Battle of Bun Garbhain

ScotlandHighlandsClan history16th centuryMilitary history
4 min read

A cat's skin might be had this day for a coin. That was the message Donald Cameron, known as Taillear Dubh na Tuaighe, the Black Tailor of the Axe, brought home from the field at Bun Garbhain in 1570. He was speaking in Gaelic to a Mackintosh woman who had married into Clan Cameron and whose infant son was now their chief. The cat was Clan Mackintosh's symbol. He was telling her that her own clan had been wiped out and that she was hearing it from the man who had killed her chief with a Lochaber axe. She tried to murder her baby. The Black Tailor stopped her in time. She was banished from Lochaber forever.

An Infant Chief

The fight at Bun Garbhain happened because a Cameron chief had died too soon. Donald Dubh Cameron, fifteenth Chief of Clan Cameron, left an infant son, Allan, as his heir. An infant could not lead.

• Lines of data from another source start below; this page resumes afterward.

Lemma dim_prefix_componentS (i : 'I_n) k : (e i <= k)%N ->
  (\dim (prefix_component i.+1 k) + \dim (prefix_component i (k - e i)) =
   \dim (prefix_component i k) + \dim (fullv : {vspace V (k - e i)}))%N.
Proof.
move=> le_ek; have /eqP inj := mulf_hom_inj le_ek.
have dim_img (U : {vspace V (k - e i)}) : \dim (mulf_hom i k @: U) = \dim U.
  by apply: limg_dim_eq; rewrite inj capv0.
by rewrite prefix_componentS // -!dim_img -prefix_component_capv_img // dimv_sum_cap.
Qed.

Lemma dim_prefix_component i k : (i <= n)%N ->
  (\dim (prefix_component i k) + count_below e i k = 'C(k + m, k))%N.
Proof.
elim: i k => [|i IH] k lt_in.
  by rewrite count_below0 /prefix_component big_pred0 ?dimv0.
pose io : 'I_n := Ordinal lt_in; rewrite -[i]/(nat_of_ord io).
have [le_ek | lt_ke] := leqP (e io) k; last first.
  by rewrite prefix_componentS_small // count_belowS_small //; apply: IH (ltnW lt_in).
have := dim_prefix_componentS le_ek; rewrite dimvf /dim /=.
have := count_belowS le_ek; have := IH k (ltnW lt_in).
have := IH (k - e io)%N (ltnW lt_in); rewrite /=; lia.
Qed.

Lemma prefix_component_full k :
  (\sum_(j < n) e j <= k)%N -> prefix_component n k = fullv.
Proof.
move=> le_Ek; apply/eqP; rewrite eqEdim subvf dimvf /dim /=.
by rewrite -(dim_prefix_component k (leqnn n)) count_below_ge_sum ?addn0.
Qed.

Lemma dhomog_prefix_ideal k p :
  (\sum_(j < n) e j <= k)%N -> p \is k.-homog -> prefix_ideal n p.
Proof.
move=> le_Ek hp; rewrite -(val_indhomog hp); apply/prefix_componentP.
by rewrite prefix_component_full ?memvf.
Qed.

Lemma fin_dim_quotient_prefix_ideal : fin_dim_quotient (prefix_ideal n).
Proof.
pose E := (\sum_(j < n) e j)%N.
exists #|{: 'X_{1..n < E}}|, (fun j => 'X_[bmnm (enum_val j)]) => p.
exists (fun j => p@_(bmnm (enum_val j))); set q := p - _.
rewrite (pihomog_partitionE (leqnn (mmeasure mdeg q))).
apply: ideal_gen_sum => t _; have [le_Et | lt_tE] := leqP E t.
  exact: dhomog_prefix_ideal le_Et (pihomogP _ _ _).
rewrite pihomogE big1 => [|a /eqP da]; first exact: ideal_gen0.
have aE : (mdeg a < E)%N by rewrite da.
rewrite /q mcoeffB raddf_sum /=.
rewrite -(big_enum_val (A := xpredT) (fun b : 'X_{1..n < E} => (p@_b *: 'X_[b])@_a)).
rewrite (bigD1 (BMultinom aE)) //= big1 => [|b ne_ba]; last first.
  rewrite mcoeffZ mcoeffX; case: eqP => [ba|]; last by rewrite mulr0.
  by case/eqP: ne_ba; apply: val_inj.
by rewrite mcoeffZ mcoeffX eqxx mulr1 addr0 subrr scale0r.
Qed.

End HilbertFunction.

Lemma complete_intersection_fin_dim (K : fieldType) (n : nat) (f : 'I_n -> {mpoly K[n]}) :
  complete_intersection f -> fin_dim_quotient (ideal_gen (fun q => exists j, q = f j)).
Proof.
case: n f => [|m] f [f_homog f_reg].
  exists 1%N, (fun _ => 1) => p; exists (fun _ => p@_0%MM).
  rewrite big_ord1 {1}(nvar0_mpolyC_eq p) // -mul_mpolyC mulr1 subrr; apply: ideal_gen0.
have deg_f j : f j \is (xchoose (f_homog j)).-homog := xchooseP (f_homog j).
have f_neq0 j : f j != 0 := regular_sequence_neq0 j f_reg.
apply: fin_dim_quotient_sub (fin_dim_quotient_prefix_ideal deg_f f_neq0 f_reg.1) => p.
by apply: ideal_gen_sub => _ [j [_ ->]]; apply: ideal_gen_mem; exists j.
Qed.

Unset Implicit Arguments.
Theorem lemma3p6 (K : fieldType) (n d : nat) (f : 'I_n -> {mpoly K[n]}) :
  complete_intersection f ->
  (forall Delta : {set {set 'I_n}}, simplicial_complex_dim Delta d ->
     forall i : 'I_n, (d.+1 <= i)%N -> SR_ideal Delta (f i)) ->
  forall Delta : {set {set 'I_n}}, simplicial_complex_dim Delta d ->
    system_of_parameters (SR_ideal Delta)
      (map f (filter (fun j : 'I_n => (j < d.+1)%N) (enum 'I_n))).
Proof.
move=> ci f_SR Delta Delta_dim; split=> [g /mapP [j _ ->] | ]; first exact: ci.1.
apply: fin_dim_quotient_sub (complete_intersection_fin_dim ci) => p.
apply: ideal_gen_sub => _ [j ->]; apply: ideal_gen_mem.
have [lt_jd | le_dj] := ltnP j d.+1; last by left; apply: f_SR.
by right; rewrite map_f // mem_filter lt_jd mem_enum.
Qed.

The clan split between its two main branches, the Lochiels and the Erracht, with Cameron of Erracht claiming the chiefship for himself. Worse, the infant's mother was a Mackintosh, and Clan Mackintosh and Clan Cameron had hated each other for generations. The Mackintosh chief saw the moment. With two hundred men he rode into Cameron lands near Loch Arkaig and forced a battle. The Camerons, though outnumbered, knew the country. They took the high ground above the loch and the Mackintoshes began to die.

Three Engagements

The Mackintosh chief pulled his men back around the head of Loch Eil to the Ardgour shore and rallied. The Camerons pursued. A second engagement broke out with similar results: many dead Mackintoshes, the Camerons pressing forward. Somewhere in that second action, Donald 'Taillear Dubh na Tuaighe' Cameron, son of the fourteenth chief, killed the Mackintosh chief with a Lochaber axe, the long-hafted bladed polearm that gave its name to a whole region. His followers carried their fallen leader back to a place called Bun Garbhain, or Bun Garvan, and made camp in a small hollow named Cuil nan Cuileag. A third clash had been inconclusive. They thought the night would hold. They were wrong. The Camerons came in the dark and killed every Mackintosh in the hollow.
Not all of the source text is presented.